Questions questions…

 

Which solid modeller are you using?

 

Is 10 teeth pushing it a bit? I thought 12 was considered the lower limit?

 

The design book I was given is “Gear Design Simplified” by Franklin Jones and its the best laid out /easiest to follow I’ve seen so far.

 

I’ve only cut parallel depth bevel gears so far, but they do work and don’t whinge much…

 

 

Regards

 

Steve

 

[Anonymous]

Hi Steve,

 

There’s nowt wrong with questions!

 

I’m using Alibre for solid modelling. I have the ‘Expert’ version, so including sheet metal and all the bells and whistles. I’ve been using it for about 6 years now. I bought it primarily for my work, but it is also very useful for model engineering. For anything other than a simple arbor, or similar, I tend to design in Alibre to ensure that parts fit together, will move together without interfering and then be able to produce 2D drawings. It has a few foibles but overall I think it is good value for money. Solidworks was outside my budget. In the distance past I’ve used ProEngineer, but didn’t get on with it, very difficult to use.

 

That’s the book! First time I used it, mumble, mumble, years ago I borrowed it from the library at RAE Farnborough, but eventually had to buy my own copy from Amazon.

 

As I understand it 12 teeth for involute gears is about the limit without introducing undercut, which weakens the teeth, I think. Certainly the standard B&S style involute cutters only go down to 12 teeth. But there’s no theoretical limit, just practical ones. Well may be a one tooth gear would be a bit difficult!

 

Regards,

 

Andrew

Edited By Andrew Johnston on 04/06/2011 16:01:32

Edited By Andrew Johnston on 04/06/2011 16:02:27

[JasonBModerator @jasonb]

Andrew, there is a bit about machining the diff for a Burrell (singel cyl) but quite a bit is the same and they are John Rex parts on Conrads site though he went for parallel depth.

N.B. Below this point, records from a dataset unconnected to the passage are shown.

(* Consider a multi-rate fluid assignment (rates $\theta_i^L$ for $\tau_i\in\tau$; $\theta_{i,j}^H$, $\theta_i^H$ for $\tau_i\in\tau_H$, $1\le j\le n_H$; window durations $w_1,\dots,w_{n_H}\ge 0$) such that $\theta_{i,j}^H=\theta_i^H$ for all $\tau_i\in\tau_H$ and all $1\le j\le n_H$. Then the multi-rate conditions (S1)–(S5) hold if and only if the dual-rate conditions (D1)–(D5) hold.
   Context: Task system $\tau$ on $m$ identical processors; each task $\tau_i$ has period/deadline $T_i>0$, criticality in $\{LO,HI\}$, WCETs $C_i^L\le C_i^H$, $u_i^L=C_i^L/T_i\le1$, $u_i^H=C_i^H/T_i\le1$; $\tau_H$ is the set of HI-tasks, $n_H=|\tau_H|$. All rates lie in $(0,1]$ (transition rates in $[0,1]$). The earliest completion window of $\tau_i\in\tau_H$ is the largest $k_i\in\{1,\dots,n_H+1\}$ with $\sum_{j:1\le j<k_i}w_j<T_i-C_i^L/\theta_i^L$; $R_i=\theta_{i,k_i}^H$ if $k_i\le n_H$ and $R_i=\theta_i^H$ otherwise; by convention $\theta_{i,n_H+1}^H:=\theta_i^H$. Multi-rate conditions: (S1) $\theta_i^L\ge u_i^L$ for all $\tau_i\in\tau$; (S2) $\sum_{\tau_i\in\tau}\theta_i^L\le m$; (S3) $\sum_{\tau_i\in\tau_H}\theta_{i,j}^H\le m$ for all $1\le j\le n_H$, and $\sum_{\tau_i\in\tau_H}\theta_i^H\le m$; (S4) for all $\tau_i\in\tau_H$: $\sum_{j<k_i}\theta_{i,j}^Hw_j+R_i(T_i-C_i^L/\theta_i^L-\sum_{j<k_i}w_j)\ge C_i^H-C_i^L$, $\theta_i^L\le\theta_{i,j}^H$ for $k_i\le j\le n_H$, and $\theta_i^L\le\theta_i^H$; (S5) for all $\tau_i\in\tau_H$: $\sum_{j<k_i}\theta_{i,j}^Hw_j\ge u_i^H\sum_{j<k_i}w_j$, $\theta_{i,j}^H\le\theta_{i,j+1}^H$ for $1\le j<k_i$, $\theta_{i,j}^H\ge u_i^H$ for $k_i\le j\le n_H$, and $\theta_i^H\ge u_i^H$. Dual-rate conditions: (D1) $\theta_i^L\ge u_i^L$ for all $\tau_i\in\tau$; (D2) $u_i^L/\theta_i^L+(u_i^H-u_i^L)/\theta_i^H\le1$ for all $\tau_i\in\tau_H$; (D3) $\theta_i^H\ge\theta_i^L$ for all $\tau_i\in\tau_H$; (D4) $\sum_{\tau_i\in\tau}\theta_i^L\le m$; (D5) $\sum_{\tau_i\in\tau_H}\theta_i^H\le m$. *)

From HB Require Import structures.
From mathcomp Require Import all_boot all_order all_algebra.
Set Implicit Arguments. Unset Strict Implicit. Unset Printing Implicit Defensive.
Import Order.TTheory GRing.Theory Num.Theory.
Local Open Scope ring_scope.

Definition nHI (n : nat) (hi : 'I_n -> bool) : nat := #|[set i | hi i]|.

(* earliest completion window k_i: largest k in {1,..,nH+1} with
   sum_{1<=j<k} w_j < T - CL/thL  (defaults to 1 if no such k exists) *)
Definition ecw (R : realFieldType) (nH : nat) (w : nat -> R) (T CL thL : R) : nat :=
  \max_(k < nH.+2 | [&& (1 <= (k : nat))%N &
       (((k : nat) == 1%N) || (\sum_(1 <= j < k) w j < T - CL / thL))]) (k : nat).

(* theta^H_{i,j} extended by the convention theta^H_{i,nH+1} := theta^H_i *)
Definition thHext (R : realFieldType) (nH : nat) (thHj : nat -> R) (thH : R) (j : nat) : R :=
  if (j <= nH)%N then thHj j else thH.

(* multi-rate conditions (S1)-(S5); task i has period T i, WCETs CL i, CH i,
   low rate thL i, window rates thHj i j (1<=j<=nH), final rate thH i;
   window durations w j (1<=j<=nH) *)
Definition multirate (R : realFieldType) (n m : nat) (hi : 'I_n -> bool)
  (T CL CH thL thH : 'I_n -> R) (thHj : 'I_n -> nat -> R) (w : nat -> R) : Prop :=
  let nH := nHI hi in
  let uL i := CL i / T i in
  let uH i := CH i / T i in
  [/\ (forall i, uL i <= thL i),
      \sum_i thL i <= m%:R,
      (forall j, (1 <= j <= nH)%N -> \sum_(i | hi i) thHj i j <= m%:R)
               /\ \sum_(i | hi i) thH i <= m%:R,
      (forall i, hi i ->
                 let k := ecw nH w (T i) (CL i) (thL i) in
                 let Ri := thHext nH (thHj i) (thH i) k in
                 [/\ \sum_(1 <= j < k) thHj i j * w j
                       + Ri * (T i - CL i / thL i - \sum_(1 <= j < k) w j)
                       >= CH i - CL i,
                     (forall j, (k <= j <= nH)%N -> thL i <= thHj i j)
                   & thL i <= thH i])
    & (forall i, hi i ->
                 let k := ecw nH w (T i) (CL i) (thL i) in
                 [/\ \sum_(1 <= j < k) thHj i j * w j >= uH i * \sum_(1 <= j < k) w j,
                     (forall j, (1 <= j < k)%N ->
                        thHext nH (thHj i) (thH i) j <= thHext nH (thHj i) (thH i) j.+1),
                     (forall j, (k <= j <= nH)%N -> uH i <= thHj i j)
                   & uH i <= thH i])].

Definition dualrate (R : realFieldType) (n m : nat) (hi : 'I_n -> bool)
  (T CL CH thL thH : 'I_n -> R) : Prop :=
  let uL i := CL i / T i in
  let uH i := CH i / T i in
  [/\ (forall i, uL i <= thL i),
      (forall i, hi i -> uL i / thL i + (uH i - uL i) / thH i <= 1),
      (forall i, hi i -> thL i <= thH i),
      \sum_i thL i <= m%:R
    & \sum_(i | hi i) thH i <= m%:R].

From HB Require Import structures.
From mathcomp Require Import all_boot all_order all_algebra.
From mathcomp Require Import ring lra.
Import Order.TTheory GRing.Theory Num.Theory.
Local Open Scope ring_scope.

(** When every window rate equals the final rate [thH], the total HI-mode
    service [thH * (T - CL / thL)] no longer depends on the windows, so (S4)
    collapses to the single budget inequality (D2) and (S5) to [uH <= thH],
    which (D1)-(D3) already imply. *)

Lemma ecw_bounds (R : realFieldType) nH (w : nat -> R) T CL thL :
  (1 <= ecw nH w T CL thL <= nH.+1)%N.
Proof.
rewrite /ecw; apply/andP; split.
  have := @leq_bigmax_cond _ (fun k : 'I_nH.+2 => [&& (1 <= (k : nat))%N &
       (((k : nat) == 1%N) || (\sum_(1 <= j < k) w j < T - CL / thL))])
       (fun k => (k : nat)) (inord 1).
  by rewrite inordK // eqxx /=; apply.
by apply/bigmax_leqP => k _; rewrite -ltnS ltn_ord.
Qed.

Lemma thHext_const (R : realFieldType) nH (f : nat -> R) c j :
  (forall j, (1 <= j <= nH)%N -> f j = c) -> (0 < j)%N -> thHext nH f c j = c.
Proof. by move=> fc j_gt0; rewrite /thHext; case: ifP => // jn; rewrite fc ?j_gt0. Qed.

Lemma sum_mul_const_rate (R : realFieldType) (f w : nat -> R) c k :
  (forall j, (1 <= j < k)%N -> f j = c) ->
  \sum_(1 <= j < k) f j * w j = c * \sum_(1 <= j < k) w j.
Proof. by move=> fc; rewrite mulr_sumr; apply: eq_big_nat => j /fc ->. Qed.

Lemma budget_utilizationE (R : realFieldType) (T CL CH thL thH : R) :
  0 < T -> 0 < thL -> 0 < thH ->
  (CH - CL <= thH * (T - CL / thL)) =
  (CL / T / thL + (CH / T - CL / T) / thH <= 1).
Proof.
move=> T_gt0 thL_gt0 thH_gt0.
have -> : CL / T / thL + (CH / T - CL / T) / thH
    = (CH - CL + thH * (CL / thL)) / (T * thH).
  by field; rewrite ?gt_eqF ?mulr_gt0.
by rewrite ler_pdivrMr ?mulr_gt0 // mul1r; apply/idP/idP => ?; lra.
Qed.

Lemma util_le_rate (R : realFieldType) (uL uH thL thH : R) :
  0 <= uL -> 0 < thL <= thH -> uL / thL + (uH - uL) / thH <= 1 -> uH <= thH.
Proof.
move=> uL_ge0 /andP[thL_gt0 thL_le] budget.
have thH_gt0 : 0 < thH by apply: lt_le_trans thL_le.
have uL_thH : uL / thH <= uL / thL by rewrite ler_wpM2l // lef_pV2 ?posrE.
have split_uH : uH / thH = uL / thH + (uH - uL) / thH by field; rewrite gt_eqF.
by rewrite -[thH in _ <= thH]mul1r -ler_pdivrMr // split_uH; lra.
Qed.

Section ConstantWindowRates.

Variables (R : realFieldType) (n m : nat) (hi : 'I_n -> bool).
Variables (T CL CH thL thH : 'I_n -> R) (thHj : 'I_n -> nat -> R) (w : nat -> R).

Hypothesis T_gt0 : forall i, 0 < T i.
Hypothesis CL_ge0 : forall i, 0 <= CL i.
Hypothesis thL_gt0 : forall i, 0 < thL i.
Hypothesis thH_gt0 : forall i, hi i -> 0 < thH i.
Hypothesis w_ge0 : forall j, (1 <= j <= nHI hi)%N -> 0 <= w j.
Hypothesis thHj_const : forall i j, hi i -> (1 <= j <= nHI hi)%N -> thHj i j = thH i.

Local Notation nH := (nHI hi).
Local Notation k i := (ecw nH w (T i) (CL i) (thL i)).
Local Notation thHx i := (thHext nH (thHj i) (thH i)).

Lemma k_bounds i : (1 <= k i <= nH.+1)%N.
Proof. exact: ecw_bounds. Qed.

Lemma thHx_const i j : hi i -> (0 < j)%N -> thHx i j = thH i.
Proof. by move=> hii; apply: thHext_const => j'; apply: thHj_const. Qed.

Lemma sum_window_service i : hi i ->
  \sum_(1 <= j < k i) thHj i j * w j = thH i * \sum_(1 <= j < k i) w j.
Proof.
move=> hii; apply: sum_mul_const_rate => j /andP[j_ge1 j_lt].
have /andP[_ k_le] := k_bounds i.
by rewrite thHj_const // j_ge1 -ltnS (leq_trans j_lt).
Qed.

Lemma sum_window_ge0 i : 0 <= \sum_(1 <= j < k i) w j.
Proof.
have /andP[_ k_le] := k_bounds i.
rewrite big_nat_cond; apply: sumr_ge0 => j /andP[/andP[j_ge1 j_lt] _].
by rewrite w_ge0 // j_ge1 -ltnS (leq_trans j_lt).
Qed.

Lemma window_budgetE i : hi i ->
  (CH i - CL i <= \sum_(1 <= j < k i) thHj i j * w j
     + thHx i (k i) * (T i - CL i / thL i - \sum_(1 <= j < k i) w j)) =
  (CL i / T i / thL i + (CH i / T i - CL i / T i) / thH i <= 1).
Proof.
move=> hii; have /andP[k_ge1 _] := k_bounds i.
rewrite sum_window_service // thHx_const // -budget_utilizationE ?thH_gt0 //.
by congr (_ <= _); ring.
Qed.

Lemma multirate_dualrate :
  multirate m hi T CL CH thL thH thHj w -> dualrate m hi T CL CH thL thH.
Proof.
move=> [S1 S2 [_ S3] S4 _]; split=> // i /[dup] hii /S4 [budget _ ?] //.
by rewrite -window_budgetE.
Qed.

Lemma dualrate_multirate :
  dualrate m hi T CL CH thL thH -> multirate m hi T CL CH thL thH thHj w.
Proof.
move=> [D1 D2 D3 D4 D5].
have uH_le i : hi i -> CH i / T i <= thH i.
  move=> hii; apply: util_le_rate (D2 i hii).
    exact: divr_ge0 (CL_ge0 i) (ltW (T_gt0 i)).
  by rewrite thL_gt0 D3.
have thHj_tail i j : hi i -> (k i <= j <= nH)%N -> thHj i j = thH i.
  move=> hii /andP[k_le j_le]; have /andP[k_ge1 _] := k_bounds i.
  by rewrite thHj_const // j_le (leq_trans k_ge1 k_le).
split=> //.
- split=> // j jn; rewrite (eq_bigr (fun i => thH i)) // => i hii.
  exact: thHj_const.
- move=> i hii; split; last exact: D3.
  + by rewrite window_budgetE ?D2.
  + by move=> j /(thHj_tail i j hii) ->; apply: D3.
- move=> i hii; split; last exact: uH_le.
  + by rewrite sum_window_service // ler_wpM2r ?sum_window_ge0 ?uH_le.
  + by move=> j /andP[j_ge1 _]; rewrite !thHx_const // (leq_trans _ j_ge1).
  + by move=> j /(thHj_tail i j hii) ->; apply: uH_le.
Qed.

End ConstantWindowRates.

Theorem lemma2 (R : realFieldType) (n m : nat) (hi : 'I_n -> bool)
  (T CL CH thL thH : 'I_n -> R) (thHj : 'I_n -> nat -> R) (w : nat -> R) :
  (0 < m)%N ->
  (forall i, 0 < T i) ->
  (forall i, 0 <= CL i <= CH i) ->
  (forall i, CL i / T i <= 1) ->
  (forall i, CH i / T i <= 1) ->
  (forall i, 0 < thL i <= 1) ->
  (forall i, hi i -> 0 < thH i <= 1) ->
  (forall i j, hi i -> (1 <= j <= nHI hi)%N -> 0 <= thHj i j <= 1) ->
  (forall j, (1 <= j <= nHI hi)%N -> 0 <= w j) ->
  (forall i j, hi i -> (1 <= j <= nHI hi)%N -> thHj i j = thH i) ->
  (multirate m hi T CL CH thL thH thHj w <-> dualrate m hi T CL CH thL thH).
Proof.
move=> _ T_gt0 C_bounds _ _ thL_bounds thH_bounds _ w_ge0 thHj_const.
have CL_ge0 i : 0 <= CL i by case/andP: (C_bounds i).
have thL_gt0 i : 0 < thL i by case/andP: (thL_bounds i).
have thH_gt0 i : hi i -> 0 < thH i by move/thH_bounds/andP=> [].
split; first exact: multirate_dualrate.
exact: dualrate_multirate.
Qed.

[Steve WithnellParticipant @stevewithnell34426]

 

This is the set of bevel gears I made for my Stuart Victoria. I’d like to claim I made these with a set of false teeth, so I don’t need CNC, but it wouldn’t be true. These are 40DP parallel depth, so not as manly as Andrews pucker 6DP gears, but they did the job. I set is 1:1 and the other set is 2:1. I ignored the advice regarding odd numbers of teeth because the engine was never likely to run more than an hour or two any way.

 

 

[Anonymous]

JasonB: Thanks for the link to Conrad’s site; an interesting read. At least I didn’t fall into the trap of not having the number of teeth on the crown wheel divisible by 3 when I re-designed the differential using parallel tooth bevels.

 

Steve: Wow, nice looking gears! I may be asking you for advice in the future; there are two bevel gears needed for the governor on my traction engines. I think they’re about 20DP so milling by the CNC route will need a small cutter. So I may use the parallel depth method for them. Just one comment; the space between the teeth on the two gears to the left seems quite deep in relation to the tooth width. Is this a consequence of the parallel depth method?

 

Regards,

 

Andrew

[Anonymous]

Now for a brief discussion on the various methods of producing bevel gears.

 

First, thanks to Nick for the drawings, very good! I’m sure the method would work, as would the use of a hacksaw and file. But my word it would be a bit tedious. I wonder what sort of templates would be needed to ensure accuracy, and how would you make them?

 

As an aside Richard mentioned the Hiraoka books; I’ve heard good reports about them. I have a friend who has an obsession with Shay locomotives; I’ll have to ask hin if he has the books.

 

Now onto the suggestion by ady of using a shaper. I considered this too, essentially I guess one is making a crude Gleason bevel gear planer. It seems a lot of work though, and secondly my shaper is sadly out of action at the moment, awaiting repair of a broken casting.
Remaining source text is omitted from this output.